In the midst of life...

Originally uploaded by goforchris.
Yesterday I referred to the feeling of headlong movement through Holy Week, and wondered at the time what it would feel like to be still and contemplative during this time. But when I consider this idea, as I did in fact have time to last evening during the Maundy Watch, I realise that perhaps the experience of breathlessness is closer to reality. St Mark's gospel has Jesus teaching, as it were, right up to the wire - right up till that last supper with his disciples he is teaching, countering argument, vigorously doing what he has been doing throughout his ministry, but with what looks like renewed urgency.
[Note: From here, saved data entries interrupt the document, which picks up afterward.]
Lemma rand_achieves_of_det (R : realType) (eps : R) (N : nat) :
  det_achieves eps N -> rand_achieves eps N.
Proof.
case=> A achA; pose B : rand_alg R R := fun i _ h => A i h.
have queryB f i : rand_query B f i = fun=> det_query A f i.
  have histB n u : rand_hist B f u n = det_hist A f n by elim: n => //= n ->.
  by apply/funext => u; rewrite /rand_query /det_query histB.
exists _, R, (\d_(0 : R) : probability R R), B => f f_class.
split=> [i|]; first by rewrite queryB; exact: measurable_cst.
have [i [iN stat]] := achA f f_class.
have -> : [set u | exists i, (i < N)%N /\ stationary eps f (rand_query B f i u)] = setT.
  by apply/seteqP; split => // u _; exists i; rewrite queryB.
by rewrite probability_setT lee_fin invf_le1 // ler1n.
Qed.

Section LowerBound.
Variable R : realType.

Lemma rand_achieves_pow3 (eps : R) (N M : nat) : 0 < eps ->
  2 * eps * eps * (M%:R * M%:R) <= 1 -> rand_achieves eps N ->
  M%:R / 2 <= (3 ^ N)%:R :> R.
Proof.
move=> eps_gt0 M_small [d [T [P [A achA]]]].
pose f j := hard_fun eps j.+1.
have f_class j : (j < M)%N -> Fclass 1 1 (f j).
  move=> jM; apply: hard_fun_in_class => //; apply: le_trans M_small.
  have jM' : j.+1%:R <= M%:R :> R by rewrite ler_nat.
  have eps2_ge0 : 0 <= 2 * eps * eps by move: eps_gt0; nra.
  by rewrite ler_wpM2l // ler_pM.
pose S j := [set u | exists i, (i < N)%N /\ stationary eps (f j) (rand_query A (f j) i u)].
have S_meas j : (j < M)%N -> measurable (S j).
  move=> jM; have [q_meas _] := achA _ (f_class j jM).
  rewrite /S /stationary; apply: measurable_small_value_event q_meas.
  exact: continuous_derive1_hard_fun.
have S_count u : \sum_(j < M) \1_(S j) u <= (3 ^ N)%:R :> R.
  have mem_S j : (u \in S j) =
      [exists i : 'I_N, `|derive1 (f j) (rand_query A (f j) i u)| < eps].
    apply/idP/existsP; rewrite inE.
    - by case=> i [iN stat]; exists (Ordinal iN).
    - by case=> i stat; exists i.
  under eq_bigr do rewrite indicE mem_S.
  have runs := count_stationary_runs A u
    (region := fun j => hard_region eps j.+1)
    (left_resp := fun x => (x, (- (eps * x), - eps)))
    (right_resp := fun x => (x, (eps * x, eps)))
    (fun j x => oracle01_hard_fun eps_gt0 j.+1 x)
    (fun j k x rj rk => succn_inj (hard_region_inj eps_gt0 rj rk))
    (fun j x => @hard_fun_stationary _ _ eps_gt0 j.+1 x)
    (iota_uniq 0 (M - 0) : uniq (index_iota 0 M)) N.
  by rewrite -natr_sum ler_nat; apply: leq_trans runs; rewrite big_mkord.
have := sum_probability_le_count P S_meas S_count.
have S_half : (\sum_(j < M) (2^-1)%:E <= \sum_(j < M) P (S j))%E.
  by apply: lee_sum => j _; have [] := achA _ (f_class j (ltn_ord j)).
move=> /(le_trans S_half).
by rewrite sumEFin sumr_const card_ord lee_fin -[_ *+ M]mulr_natl.
Qed.

Lemma rand_achieves_inv_lt (eps : R) (N : nat) : 0 < eps -> rand_achieves eps N ->
  eps^-1 < 6 * (3 ^ N)%:R.
Proof.
move=> eps_gt0 achN.
have inv_ge0 : 0 <= (2 * eps)^-1 by rewrite invr_ge0; lra.
have /andP [M_le M_gt] := truncn_itv inv_ge0; set M := Num.trunc _ in M_le M_gt.
have M_small : 2 * eps * eps * (M%:R * M%:R) <= 1.
  have a_le1 : M%:R * (2 * eps) <= 1 by rewrite -ler_pdivlMr ?mul1r //; lra.
  have a_ge0 : 0 <= M%:R * (2 * eps) by rewrite mulr_ge0 //; lra.
  by have := mulr_ile1 a_ge0 a_ge0 a_le1 a_le1; nra.
have := rand_achieves_pow3 eps_gt0 M_small achN.
have : 1 <= (3 ^ N)%:R :> R by rewrite ler1n expn_gt0.
move: M_gt; rewrite invfM -[M.+1%:R]natr1; lra.
Qed.

Lemma rand_achieves_ln_le (eps : R) (N : nat) : 0 < eps -> eps < 8^-1 ->
  rand_achieves eps N -> ln (eps^-1) <= 18 * N%:R.
Proof.
move=> eps_gt0 eps_lt achN; have inv_lt := rand_achieves_inv_lt eps_gt0 achN.
have inv_gt8 : 8 < eps^-1 by rewrite -[8]invrK ltf_pV2 ?posrE ?invr_gt0.
have N_gt0 : (0 < N)%N by case: N inv_lt {achN} => // /=; rewrite expn0 mulr1; lra.
have inv_le : eps^-1 <= 18 ^+ N.
  have -> : 18 ^+ N = 6 ^+ N * 3 ^+ N :> R by rewrite -exprMn; congr (_ ^+ _); lra.
  rewrite natrX in inv_lt; apply/ltW/(lt_le_trans inv_lt)/ler_wpM2r; first exact: exprn_ge0.
  by rewrite -[leLHS]expr1 ler_eXn2l //; lra.
have ln18 : ln (18 : R) < 18 by apply: ln_sublinear.
have : ln (eps^-1) <= ln (18 : R) *+ N.
  by rewrite -lnXn ?ler_ln ?posrE ?invr_gt0.
by rewrite -[ln _ *+ N]mulr_natr; move: (ler0n R N); nra.
Qed.

End LowerBound.

Theorem theorem2p4 (R : realType) :
  exists c : R, 0 < c /\
    forall eps : R, 0 < eps -> eps < 8^-1 ->
      (C_rand eps <= C_det eps)%E /\
      ((c * ln (eps^-1))%:E <= C_rand eps)%E.
Proof.
exists 18^-1; split=> [|eps eps_gt0 eps_lt]; first by rewrite invr_gt0.
split.
- apply: ereal_inf_le_tmp => _ [N detN <-]; exists N => //.
  exact: rand_achieves_of_det.
- apply: le_ereal_inf_tmp => _ [N randN <-]; rewrite lee_fin.
  by have := rand_achieves_ln_le eps_gt0 eps_lt randN; lra.
Qed.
And then there is the prayer in the Garden, after which the guards come and he is taken off to face a hasty mockery of a trial. Within 15 hours, say, he is dead on a cross. In our tradition, we ponder on sign and symbol, we celebrate beautiful liturgies, we use music and silence to help our prayers. But of course it wasn't like that. Perhaps we should celebrate our liturgies in the supermarket, or in the main road, with people staring curiously or shouting abuse or merely tutting because we're in their way and they want past. Perhaps then we'd feel some of the pain of rejection and lack of interest; perhaps then we'd know what it feels like suffer intensely while the uncaring world gets on with its life.
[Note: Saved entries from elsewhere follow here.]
Lemma a_coef_le_dist_a i j :
  ((2 ^- i * 2 ^- j * a_coef Q P i j)%:E <= dist_a mu A Q P).
Proof.
have t0 k l : 0 <= (2 ^- l)%:E * (a_coef Q P k l)%:E.
  by rewrite mule_ge0 ?pow2N_ge0 ?lee_fin ?a_coef_ge0.
rewrite dist_aE; apply: le_trans (nneseries_term_le i _); last first.
  by move=> k; rewrite mule_ge0 ?pow2N_ge0//; apply: nneseries_ge0 => *.
by rewrite -mulrA !EFinM lee_wpmul2l ?pow2N_ge0// nneseries_term_le.
Qed.

End TwoMaps.

Lemma dist_d_triangle Q P Q' : inv_mpt mu Q -> inv_mpt mu P -> inv_mpt mu Q' ->
  dist_d mu A Q P <= dist_d mu A Q' Q + dist_d mu A Q' P.
Proof.
move=> hQ hP hQ'.
have t0 (S S' : X -> X) i : 0 <= (2 ^- i)%:E * (d_coef S S' i)%:E.
  by rewrite mule_ge0 ?pow2N_ge0 ?lee_fin ?d_coef_ge0.
rewrite !dist_dE// -nneseriesD => [|i _ _|i _ _]; [|exact: t0|exact: t0].
apply: lee_nneseries => [i _ _|i _]; first exact: t0.
rewrite -!EFinM -EFinD lee_fin -mulrDr ler_wpM2l ?(ltW (pow2N_gt0 _ _))//.
have mim (S : X -> X) : inv_mpt mu S -> measurable (S @` A i).
  by move=> hS; have := measurable_image hS (mA i).
have mpre (S : X -> X) : inv_mpt mu S -> measurable (S @^-1` A i).
  by move=> hS; have := measurable_preimage hS (mA i).
have := pr_symdiff_triangle mu (mim _ hQ) (mim _ hP) (mim _ hQ').
have := pr_symdiff_triangle mu (mpre _ hQ) (mpre _ hP) (mpre _ hQ').
rewrite /d_coef; lra.
Qed.

Lemma dist_a_triangle Q P Q' : inv_mpt mu Q -> inv_mpt mu P -> inv_mpt mu Q' ->
  dist_a mu A Q P <= dist_a mu A Q Q' + dist_a mu A Q' P.
Proof.
move=> hQ hP hQ'; rewrite !dist_aE//.
have t0 (S S' : X -> X) i j : 0 <= (2 ^- j)%:E * (a_coef S S' i j)%:E.
  by rewrite mule_ge0 ?pow2N_ge0 ?lee_fin ?a_coef_ge0.
have s0 (S S' : X -> X) i : 0 <= (2 ^- i)%:E * \sum_(j <oo) ((2 ^- j)%:E * (a_coef S S' i j)%:E).
  by rewrite mule_ge0 ?pow2N_ge0//; apply: nneseries_ge0 => *.
rewrite -nneseriesD => [|i _ _|i _ _]; [|exact: s0|exact: s0].
apply: lee_nneseries => [i _ _|i _]; first exact: s0.
rewrite -ge0_muleDr ?lee_wpmul2l ?pow2N_ge0//; try by apply: nneseries_ge0 => *.
rewrite -nneseriesD => [|j _ _|j _ _]; [|exact: t0|exact: t0].
apply: lee_nneseries => [j _ _|j _]; first exact: t0.
rewrite -!EFinM -EFinD lee_fin -mulrDr ler_wpM2l ?(ltW (pow2N_gt0 _ _))//.
exact: ler_distD.
Qed.

Hypothesis A_dense : forall B, measurable B -> forall e : R, (0 < e)%R ->
  exists i, mu (symdiff (A i) B) < e%:E.

Lemma exists_A_approx B (e : R) : measurable B -> (0 < e)%R ->
  exists j, (pr (symdiff (A j) B) <= e)%R.
Proof.
move=> mB e0; have [j hj] := A_dense mB e0; exists j.
by rewrite -lee_fin -pr_measureE ?ltW//; exact: measurable_symdiff.
Qed.

(* The preimage part reduces to [a_coef Q P k i] because
   [Q @` (Q @^-1` A i `&` A k) = A i `&` Q @` A k]. *)
Lemma d_coef_le_a_coef Q P i j k (e : R) : inv_mpt mu Q -> inv_mpt mu P ->
  (pr (symdiff (A j) (Q @` A i)) <= e)%R ->
  (pr (symdiff (A k) (Q @^-1` A i)) <= e)%R ->
  (a_coef Q P i j <= e)%R -> (a_coef Q P k i <= e)%R ->
  (d_coef Q P i <= 12 * e)%R.
Proof.
move=> hQ hP Qj Qk aij aki.
have mQi := measurable_image hQ (mA i); have mPi := measurable_image hP (mA i).
have mQi' := measurable_preimage hQ (mA i); have mPi' := measurable_preimage hP (mA i).
have im : (pr (symdiff (Q @` A i) (P @` A i)) <= 6 * e)%R.
  apply: (pr_symdiff_le_approx mQi mPi (mA j)) => //; first by rewrite !pr_image.
  by move: aij; rewrite /a_coef => /ler_normlP[_]; lra.
have pre : (pr (symdiff (Q @^-1` A i) (P @^-1` A i)) <= 6 * e)%R.
  apply: (pr_symdiff_le_approx mQi' mPi' (mA k)) => //; first by rewrite !pr_preimage.
  have mIk (S : X -> X) : inv_mpt mu S -> measurable (S @^-1` A i `&` A k).
    by move=> hS; have mSi := measurable_preimage hS (mA i); exact: measurableI.
  rewrite -(pr_image hQ (mIk _ hQ)) -(pr_image hP (mIk _ hP)) !image_preimageI.
  by rewrite ![A i `&` _]setIC; move: aki; rewrite /a_coef => /ler_normlP[_]; lra.
by rewrite /d_coef; lra.
Qed.

Lemma dist_d_small_of_dist_a Q (eta : R) : inv_mpt mu Q -> (0 < eta)%R ->
  exists2 dl : R, (0 < dl)%R & forall P, inv_mpt mu P ->
    dist_a mu A Q P < dl%:E -> dist_d mu A Q P < eta%:E.
Proof.
move=> hQ eta0; pose e := (eta / 48)%R.
have e0 : (0 < e)%R by rewrite divr_gt0.
have [N hN] : exists N, (2 ^- N <= eta / 16)%R by apply: exists_pow2N_le; rewrite divr_gt0.
have /choice [jf hj] i : exists j, (pr (symdiff (A j) (Q @` A i)) <= e)%R.
  by apply: exists_A_approx e0; have := measurable_image hQ (mA i).
have /choice [kf hk] i : exists k, (pr (symdiff (A k) (Q @^-1` A i)) <= e)%R.
  by apply: exists_A_approx e0; have := measurable_preimage hQ (mA i).
have [dl dl0 hdl] := @exists_pos_lbound R N
  (fun i => Num.min (2 ^- i * 2 ^- jf i * e) (2 ^- kf i * 2 ^- i * e))%R
  ltac:(by move=> i; rewrite lt_min !mulr_gt0 ?pow2N_gt0).
exists dl => // P hP aQP.
have a_small a b : (dl <= 2 ^- a * 2 ^- b * e)%R -> (a_coef Q P a b <= e)%R.
  move=> hab; have := le_lt_trans (a_coef_le_dist_a hQ hP a b) aQP.
  by rewrite lte_fin => /lt_le_trans/(_ hab); rewrite ltr_pM2l ?mulr_gt0 ?pow2N_gt0// => /ltW.
rewrite dist_dE//; apply: le_lt_trans (@dyadic_series_le R 2 (12 * e) N _ _ _ _ _ _) _.
- by [].
- by rewrite mulr_ge0// ltW.
- by move=> i; rewrite lee_fin d_coef_ge0.
- by move=> i; rewrite lee_fin d_coef_le2.
- move=> i iN; rewrite lee_fin; move: (hdl i iN); rewrite le_min => /andP[hi hk'].
  exact: d_coef_le_a_coef (hj i) (hk i) (a_small _ _ hi) (a_small _ _ hk').
- by rewrite lte_fin /e; lra.
Qed.

Section Action.
Variables (G : topologicalType) (T : G -> X -> X).
Hypothesis T_mpt : forall g, inv_mpt mu (T g).
Hypothesis T_cont : forall B C, measurable B -> measurable C ->
  continuous (fun g => fine (mu (T g @` B `&` C))).

Lemma near_dist_a_action g0 (dl : R) : (0 < dl)%R ->
  \forall g \near g0, dist_a mu A (T g0) (T g) < dl%:E.
Proof.
move=> dl0; pose e := (dl / 8)%R; have e0 : (0 < e)%R by rewrite divr_gt0.
have [N hN] : exists N, (2 ^- N <= dl / 32)%R by apply: exists_pow2N_le; rewrite divr_gt0.
have : \forall g \near g0, forall ij : 'I_N * 'I_N,
    (a_coef (T g0) (T g) ij.1 ij.2 <= e)%R.
  apply: filter_forall => -[i j] /=.
  have := @T_cont _ _ (mA i) (mA j) g0 => /cvgr_dist_lt /(_ _ e0).
  by apply: filterS => g /ltW.
apply: filterS => g near_g; rewrite dist_aE//.
pose s i := \sum_(j <oo) ((2 ^- j)%:E * (a_coef (T g0) (T g) i j)%:E).
have a_ge0 i j : 0 <= (a_coef (T g0) (T g) i j)%:E by rewrite lee_fin a_coef_ge0.
have a_le1 i j : (a_coef (T g0) (T g) i j)%:E <= 1%:E.
  by rewrite lee_fin a_coef_le1.
have s_ge0 i : 0 <= s i by apply: nneseries_ge0 => j _ _; rewrite mule_ge0 ?pow2N_ge0.
have s_le2 i : s i <= 2%:E by rewrite -[2%R]mulr1; exact: dyadic_series_le_const.
have s_small i : (i < N)%N -> s i <= (2 * e + 2 * 1 * 2 ^- N)%:E.
  move=> iN; apply: dyadic_series_le => // [|j jN]; first exact: ltW.
  by rewrite lee_fin (near_g (Ordinal iN, Ordinal jN)).
apply: le_lt_trans (dyadic_series_le (c := 2) (N := N) _ _ s_ge0 s_le2 s_small) _ => //.
- by rewrite addr_ge0// ?mulr_ge0// ltW// ?pow2N_gt0.
- by rewrite lte_fin /e; have := pow2N_gt0 R N; lra.
Qed.

(* Near each [g0] of [K], [dist_d_small_of_dist_a] at [T g0] transfers to [T g]
   with threshold [2 ^- n] for all large [n]; compactness makes [n] uniform. *)
Lemma dist_d_small_of_dist_a_compact (K : set G) (eta : R) : compact K -> (0 < eta)%R ->
  exists2 dl : R, (0 < dl)%R & forall g, K g -> forall Q, inv_mpt mu Q ->
    dist_a mu A (T g) Q < dl%:E -> dist_d mu A (T g) Q < eta%:E.
Proof.
move=> /compact_near_coveringP cK eta0; have eta2 : (0 < eta / 2)%R by rewrite divr_gt0.
pose P n g := forall Q, inv_mpt mu Q ->
  dist_a mu A (T g) Q < (2 ^- n)%:E -> dist_d mu A (T g) Q < eta%:E.
suff [n _ Kn] : \forall n \near \oo, K `<=` P n.
  by exists (2 ^- n)%R; [exact: pow2N_gt0|exact: Kn n (leqnn n)].
apply: cK => g0 _; have [d0 d00 hd0] := dist_d_small_of_dist_a (T_mpt g0) eta2.
have [n0 hn0] := @exists_pow2N_le R (d0 / 2) ltac:(by rewrite divr_gt0).
exists ([set g | dist_a mu A (T g0) (T g) < (d0 / 2)%:E], [set n | (n0 <= n)%N]).
  by split; [apply: near_dist_a_action; rewrite divr_gt0|exists n0].
move=> [g n] /= [g0g n0n] Q hQ aQ.
have dT : dist_d mu A (T g0) (T g) < (eta / 2)%:E.
  by apply: hd0 (T_mpt g) (lt_trans g0g _); rewrite lte_fin ltr_pdivrMr// ltr_pMr// ltr1n.
have dQ : dist_d mu A (T g0) Q < (eta / 2)%:E.
  apply: hd0 hQ (le_lt_trans (dist_a_triangle (T_mpt g0) hQ (T_mpt g)) _).
  rewrite (splitr d0) EFinD lteD// (lt_le_trans aQ)// lee_fin.
  exact: le_trans (pow2N_le R n0n) hn0.
apply: le_lt_trans (dist_d_triangle (T_mpt g) hQ (T_mpt g0)) _.
by rewrite (splitr eta) EFinD lteD.
Qed.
Auden, in his poem Musee des Beaux Arts" makes the point " That even the dreadful martyrdom must run its course
Anyhow in a corner, " - while life goes on all around it. I have just told a bemused cold caller from somewhere far to the east of here that no, he couldn't speak to either of us because it was Good Friday and we were otherwise engaged and not wanting to buy insurance or a new phone system. He hung up without further ado and I came back to finish writing this. Life going on.

And now I shall wander up the road to church and have some silence.

Note: There is a new poem on Maundy Thursday over on frankenstina


  1. Anonymous11:55 PM

    As thoughtful as I have come to expect, Chris. Thanks for a new way to look at Good Friday and our memorialization of it.

  2. In many ways, christianity should be a thorn in the flesh, shouldn't it? Not self-martyrdom, but making others (and ourselves) stop and think and feel.